(Dataset entries)
+===+

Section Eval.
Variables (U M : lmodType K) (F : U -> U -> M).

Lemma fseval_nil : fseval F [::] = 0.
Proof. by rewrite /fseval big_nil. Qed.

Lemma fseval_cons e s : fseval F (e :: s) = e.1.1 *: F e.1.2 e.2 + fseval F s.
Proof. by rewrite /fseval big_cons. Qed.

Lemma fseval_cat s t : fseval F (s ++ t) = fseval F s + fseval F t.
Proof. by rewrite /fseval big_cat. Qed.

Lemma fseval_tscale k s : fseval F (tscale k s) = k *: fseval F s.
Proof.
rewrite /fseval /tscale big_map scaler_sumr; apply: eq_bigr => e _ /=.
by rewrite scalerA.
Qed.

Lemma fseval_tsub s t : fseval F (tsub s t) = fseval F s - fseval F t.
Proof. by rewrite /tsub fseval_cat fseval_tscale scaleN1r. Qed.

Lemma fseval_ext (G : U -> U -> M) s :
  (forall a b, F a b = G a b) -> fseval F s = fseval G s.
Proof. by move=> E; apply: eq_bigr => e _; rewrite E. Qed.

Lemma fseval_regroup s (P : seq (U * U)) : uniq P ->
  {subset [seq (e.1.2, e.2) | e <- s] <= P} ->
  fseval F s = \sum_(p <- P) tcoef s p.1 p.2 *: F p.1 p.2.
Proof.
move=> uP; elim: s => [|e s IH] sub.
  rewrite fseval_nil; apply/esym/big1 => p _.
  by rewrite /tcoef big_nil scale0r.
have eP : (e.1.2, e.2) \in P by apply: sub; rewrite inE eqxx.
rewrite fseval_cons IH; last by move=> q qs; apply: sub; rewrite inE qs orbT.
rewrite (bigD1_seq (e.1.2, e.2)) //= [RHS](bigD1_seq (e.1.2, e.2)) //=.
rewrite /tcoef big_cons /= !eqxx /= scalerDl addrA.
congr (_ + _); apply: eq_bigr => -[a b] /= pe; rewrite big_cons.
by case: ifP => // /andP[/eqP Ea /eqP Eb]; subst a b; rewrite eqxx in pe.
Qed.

+===+

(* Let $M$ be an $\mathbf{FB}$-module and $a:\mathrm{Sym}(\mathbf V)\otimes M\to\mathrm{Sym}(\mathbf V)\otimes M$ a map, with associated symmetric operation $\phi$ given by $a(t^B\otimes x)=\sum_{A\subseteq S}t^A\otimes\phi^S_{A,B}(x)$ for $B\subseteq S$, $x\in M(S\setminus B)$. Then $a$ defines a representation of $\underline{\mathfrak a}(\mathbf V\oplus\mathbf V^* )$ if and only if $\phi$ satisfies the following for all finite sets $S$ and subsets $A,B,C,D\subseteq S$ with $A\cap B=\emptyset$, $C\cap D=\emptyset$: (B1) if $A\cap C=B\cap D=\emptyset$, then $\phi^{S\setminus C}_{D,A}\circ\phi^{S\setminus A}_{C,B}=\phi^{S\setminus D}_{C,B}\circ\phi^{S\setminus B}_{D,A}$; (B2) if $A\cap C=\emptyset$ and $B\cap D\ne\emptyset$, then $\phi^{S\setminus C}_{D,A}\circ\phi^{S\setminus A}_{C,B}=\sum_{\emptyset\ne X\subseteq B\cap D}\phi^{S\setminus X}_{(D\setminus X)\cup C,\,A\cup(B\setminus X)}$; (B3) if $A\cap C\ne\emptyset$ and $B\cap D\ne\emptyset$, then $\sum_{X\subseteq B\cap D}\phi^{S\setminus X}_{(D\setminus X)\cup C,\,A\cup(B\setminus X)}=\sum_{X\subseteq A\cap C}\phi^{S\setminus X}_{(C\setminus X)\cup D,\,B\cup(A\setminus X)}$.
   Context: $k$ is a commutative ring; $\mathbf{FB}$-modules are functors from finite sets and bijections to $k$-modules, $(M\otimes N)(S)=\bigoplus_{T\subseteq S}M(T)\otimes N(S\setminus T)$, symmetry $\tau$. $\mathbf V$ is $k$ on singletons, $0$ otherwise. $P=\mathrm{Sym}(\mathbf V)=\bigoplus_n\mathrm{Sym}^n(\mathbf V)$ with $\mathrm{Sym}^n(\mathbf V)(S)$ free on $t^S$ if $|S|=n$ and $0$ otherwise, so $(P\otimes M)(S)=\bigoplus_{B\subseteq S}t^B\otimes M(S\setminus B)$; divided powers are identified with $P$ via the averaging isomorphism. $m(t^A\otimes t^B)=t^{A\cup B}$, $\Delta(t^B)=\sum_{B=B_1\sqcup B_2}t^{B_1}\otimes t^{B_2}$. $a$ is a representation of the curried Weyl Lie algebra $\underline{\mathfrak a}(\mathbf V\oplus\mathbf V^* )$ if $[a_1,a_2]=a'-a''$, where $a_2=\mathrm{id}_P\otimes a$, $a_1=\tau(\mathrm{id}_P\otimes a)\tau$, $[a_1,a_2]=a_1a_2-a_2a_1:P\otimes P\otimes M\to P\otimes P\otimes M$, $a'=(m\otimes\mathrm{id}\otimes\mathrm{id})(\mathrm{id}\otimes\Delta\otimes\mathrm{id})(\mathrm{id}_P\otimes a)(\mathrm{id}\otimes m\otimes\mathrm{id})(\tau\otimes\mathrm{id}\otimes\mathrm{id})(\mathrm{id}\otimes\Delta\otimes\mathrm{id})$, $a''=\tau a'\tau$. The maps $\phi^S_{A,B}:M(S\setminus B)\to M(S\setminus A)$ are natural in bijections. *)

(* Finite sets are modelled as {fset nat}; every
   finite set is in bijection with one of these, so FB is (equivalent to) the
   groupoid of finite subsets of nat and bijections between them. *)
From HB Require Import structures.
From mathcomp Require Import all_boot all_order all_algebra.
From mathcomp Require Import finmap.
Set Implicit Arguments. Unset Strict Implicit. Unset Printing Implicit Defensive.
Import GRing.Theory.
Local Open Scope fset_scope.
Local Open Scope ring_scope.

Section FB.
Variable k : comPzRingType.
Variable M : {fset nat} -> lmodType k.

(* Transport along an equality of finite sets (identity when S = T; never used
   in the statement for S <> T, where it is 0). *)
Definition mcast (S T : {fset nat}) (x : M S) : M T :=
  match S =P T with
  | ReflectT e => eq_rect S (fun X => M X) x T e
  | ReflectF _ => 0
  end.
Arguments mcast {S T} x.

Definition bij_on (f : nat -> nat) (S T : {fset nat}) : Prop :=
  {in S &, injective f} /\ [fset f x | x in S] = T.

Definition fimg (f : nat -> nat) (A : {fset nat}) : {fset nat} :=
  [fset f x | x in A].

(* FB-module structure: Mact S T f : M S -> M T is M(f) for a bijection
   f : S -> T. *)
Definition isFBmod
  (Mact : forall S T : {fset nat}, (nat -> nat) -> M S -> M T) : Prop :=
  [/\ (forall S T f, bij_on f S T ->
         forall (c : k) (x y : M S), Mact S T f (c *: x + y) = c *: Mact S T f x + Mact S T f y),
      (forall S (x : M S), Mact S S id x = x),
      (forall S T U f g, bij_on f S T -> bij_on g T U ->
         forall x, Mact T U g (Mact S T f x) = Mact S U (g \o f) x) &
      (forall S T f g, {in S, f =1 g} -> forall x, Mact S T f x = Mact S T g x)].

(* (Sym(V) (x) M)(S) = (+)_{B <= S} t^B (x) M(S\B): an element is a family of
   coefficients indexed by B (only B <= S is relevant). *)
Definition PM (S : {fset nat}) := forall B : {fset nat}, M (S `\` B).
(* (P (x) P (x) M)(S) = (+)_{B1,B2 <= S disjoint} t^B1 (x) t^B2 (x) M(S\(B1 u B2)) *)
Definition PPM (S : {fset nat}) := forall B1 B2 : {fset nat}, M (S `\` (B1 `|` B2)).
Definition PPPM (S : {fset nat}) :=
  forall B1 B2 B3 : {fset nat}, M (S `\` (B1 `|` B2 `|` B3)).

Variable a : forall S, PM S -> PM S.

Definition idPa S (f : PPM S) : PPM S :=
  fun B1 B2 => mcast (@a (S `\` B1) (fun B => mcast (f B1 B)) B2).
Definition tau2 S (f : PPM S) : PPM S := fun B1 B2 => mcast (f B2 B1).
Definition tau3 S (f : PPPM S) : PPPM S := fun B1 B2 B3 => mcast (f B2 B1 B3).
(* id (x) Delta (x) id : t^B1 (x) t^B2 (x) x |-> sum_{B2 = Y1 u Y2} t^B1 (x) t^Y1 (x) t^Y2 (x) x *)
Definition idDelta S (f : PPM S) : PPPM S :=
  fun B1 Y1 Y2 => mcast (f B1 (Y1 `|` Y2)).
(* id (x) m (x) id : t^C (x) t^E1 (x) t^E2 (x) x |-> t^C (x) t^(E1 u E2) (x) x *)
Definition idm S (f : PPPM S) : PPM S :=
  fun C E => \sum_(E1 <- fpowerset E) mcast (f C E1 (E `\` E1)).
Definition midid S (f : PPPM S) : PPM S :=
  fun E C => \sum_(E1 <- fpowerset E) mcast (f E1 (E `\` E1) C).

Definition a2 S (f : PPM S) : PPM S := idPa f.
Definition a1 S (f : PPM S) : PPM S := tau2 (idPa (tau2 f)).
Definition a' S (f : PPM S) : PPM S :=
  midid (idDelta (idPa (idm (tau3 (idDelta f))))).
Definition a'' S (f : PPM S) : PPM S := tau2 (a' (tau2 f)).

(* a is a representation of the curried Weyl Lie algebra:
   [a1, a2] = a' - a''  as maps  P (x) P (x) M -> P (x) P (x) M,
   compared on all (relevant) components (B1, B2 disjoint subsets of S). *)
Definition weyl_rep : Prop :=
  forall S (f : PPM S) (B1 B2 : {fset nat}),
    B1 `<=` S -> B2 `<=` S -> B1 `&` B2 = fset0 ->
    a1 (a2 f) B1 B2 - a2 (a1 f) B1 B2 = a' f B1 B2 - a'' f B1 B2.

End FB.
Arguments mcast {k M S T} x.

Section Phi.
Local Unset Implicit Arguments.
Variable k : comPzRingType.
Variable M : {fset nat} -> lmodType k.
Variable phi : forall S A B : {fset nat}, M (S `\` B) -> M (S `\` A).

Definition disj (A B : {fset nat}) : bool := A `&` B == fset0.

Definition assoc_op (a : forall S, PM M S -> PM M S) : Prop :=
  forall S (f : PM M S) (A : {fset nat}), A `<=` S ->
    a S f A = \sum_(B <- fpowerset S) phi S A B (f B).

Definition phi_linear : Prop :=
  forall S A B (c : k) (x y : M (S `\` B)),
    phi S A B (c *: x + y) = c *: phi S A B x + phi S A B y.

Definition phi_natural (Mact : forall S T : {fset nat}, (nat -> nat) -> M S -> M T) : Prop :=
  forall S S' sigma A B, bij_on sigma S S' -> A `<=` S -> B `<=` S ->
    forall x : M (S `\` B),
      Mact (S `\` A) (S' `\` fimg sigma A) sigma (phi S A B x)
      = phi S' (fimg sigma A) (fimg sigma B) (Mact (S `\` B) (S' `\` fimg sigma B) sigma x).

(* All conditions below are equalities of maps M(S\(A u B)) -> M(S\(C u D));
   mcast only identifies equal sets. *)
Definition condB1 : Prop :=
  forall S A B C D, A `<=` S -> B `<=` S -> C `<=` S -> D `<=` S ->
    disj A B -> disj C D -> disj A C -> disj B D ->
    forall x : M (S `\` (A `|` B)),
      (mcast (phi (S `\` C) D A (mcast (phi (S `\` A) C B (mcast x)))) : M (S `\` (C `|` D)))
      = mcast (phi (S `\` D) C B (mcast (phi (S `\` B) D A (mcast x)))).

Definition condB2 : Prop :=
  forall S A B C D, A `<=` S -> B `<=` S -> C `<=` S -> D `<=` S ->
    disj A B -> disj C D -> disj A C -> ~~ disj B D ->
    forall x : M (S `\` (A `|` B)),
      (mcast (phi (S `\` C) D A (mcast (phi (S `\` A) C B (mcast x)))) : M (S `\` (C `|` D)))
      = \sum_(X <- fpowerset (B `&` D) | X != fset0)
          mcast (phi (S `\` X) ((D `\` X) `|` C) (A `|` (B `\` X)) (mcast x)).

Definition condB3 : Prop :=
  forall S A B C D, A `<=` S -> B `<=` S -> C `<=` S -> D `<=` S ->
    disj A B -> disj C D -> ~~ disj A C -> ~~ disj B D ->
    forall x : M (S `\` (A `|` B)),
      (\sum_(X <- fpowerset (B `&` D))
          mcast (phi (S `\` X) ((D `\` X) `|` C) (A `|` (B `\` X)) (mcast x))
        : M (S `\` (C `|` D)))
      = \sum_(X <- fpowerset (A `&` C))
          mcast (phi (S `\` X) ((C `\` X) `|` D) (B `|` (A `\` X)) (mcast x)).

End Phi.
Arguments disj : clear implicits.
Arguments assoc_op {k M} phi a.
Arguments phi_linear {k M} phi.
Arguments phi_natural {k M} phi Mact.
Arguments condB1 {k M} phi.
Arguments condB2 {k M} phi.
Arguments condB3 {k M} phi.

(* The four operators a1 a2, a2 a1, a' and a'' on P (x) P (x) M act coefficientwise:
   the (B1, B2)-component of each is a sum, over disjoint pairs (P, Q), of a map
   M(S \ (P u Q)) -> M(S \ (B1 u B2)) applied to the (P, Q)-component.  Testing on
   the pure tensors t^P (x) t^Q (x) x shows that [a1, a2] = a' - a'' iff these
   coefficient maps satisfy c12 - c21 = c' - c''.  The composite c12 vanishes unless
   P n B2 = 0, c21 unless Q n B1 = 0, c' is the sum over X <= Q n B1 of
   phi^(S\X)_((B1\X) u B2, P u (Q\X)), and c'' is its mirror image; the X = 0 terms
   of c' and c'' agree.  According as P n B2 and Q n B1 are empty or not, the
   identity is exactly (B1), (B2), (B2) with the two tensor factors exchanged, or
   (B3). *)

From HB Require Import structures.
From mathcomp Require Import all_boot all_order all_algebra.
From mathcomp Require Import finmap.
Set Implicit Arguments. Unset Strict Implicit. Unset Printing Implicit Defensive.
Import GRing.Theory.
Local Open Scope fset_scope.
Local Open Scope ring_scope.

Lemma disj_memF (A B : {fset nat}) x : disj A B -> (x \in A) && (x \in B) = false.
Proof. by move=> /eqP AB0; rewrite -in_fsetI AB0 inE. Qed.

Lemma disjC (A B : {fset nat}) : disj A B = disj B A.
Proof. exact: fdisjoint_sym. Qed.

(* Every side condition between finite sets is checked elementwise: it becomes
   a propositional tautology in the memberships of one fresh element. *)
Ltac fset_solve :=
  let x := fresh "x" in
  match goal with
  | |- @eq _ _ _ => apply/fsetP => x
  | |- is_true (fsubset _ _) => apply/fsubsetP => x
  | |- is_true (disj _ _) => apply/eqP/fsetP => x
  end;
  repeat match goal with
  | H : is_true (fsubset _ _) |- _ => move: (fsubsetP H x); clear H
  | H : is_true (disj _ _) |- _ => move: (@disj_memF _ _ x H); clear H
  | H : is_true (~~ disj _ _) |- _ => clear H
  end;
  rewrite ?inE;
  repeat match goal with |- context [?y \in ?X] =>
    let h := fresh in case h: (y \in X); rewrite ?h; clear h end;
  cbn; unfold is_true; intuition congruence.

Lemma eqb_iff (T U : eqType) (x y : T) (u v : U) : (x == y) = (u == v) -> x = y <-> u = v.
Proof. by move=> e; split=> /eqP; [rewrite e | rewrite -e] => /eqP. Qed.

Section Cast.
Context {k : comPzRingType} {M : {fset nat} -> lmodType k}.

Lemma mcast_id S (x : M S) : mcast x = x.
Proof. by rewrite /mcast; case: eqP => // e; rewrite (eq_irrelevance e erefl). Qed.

+===+

*What the exercise asks:* Work through the data line by line and state how many lines have the string "lmodType"; add nothing else.

*Answer section:* 4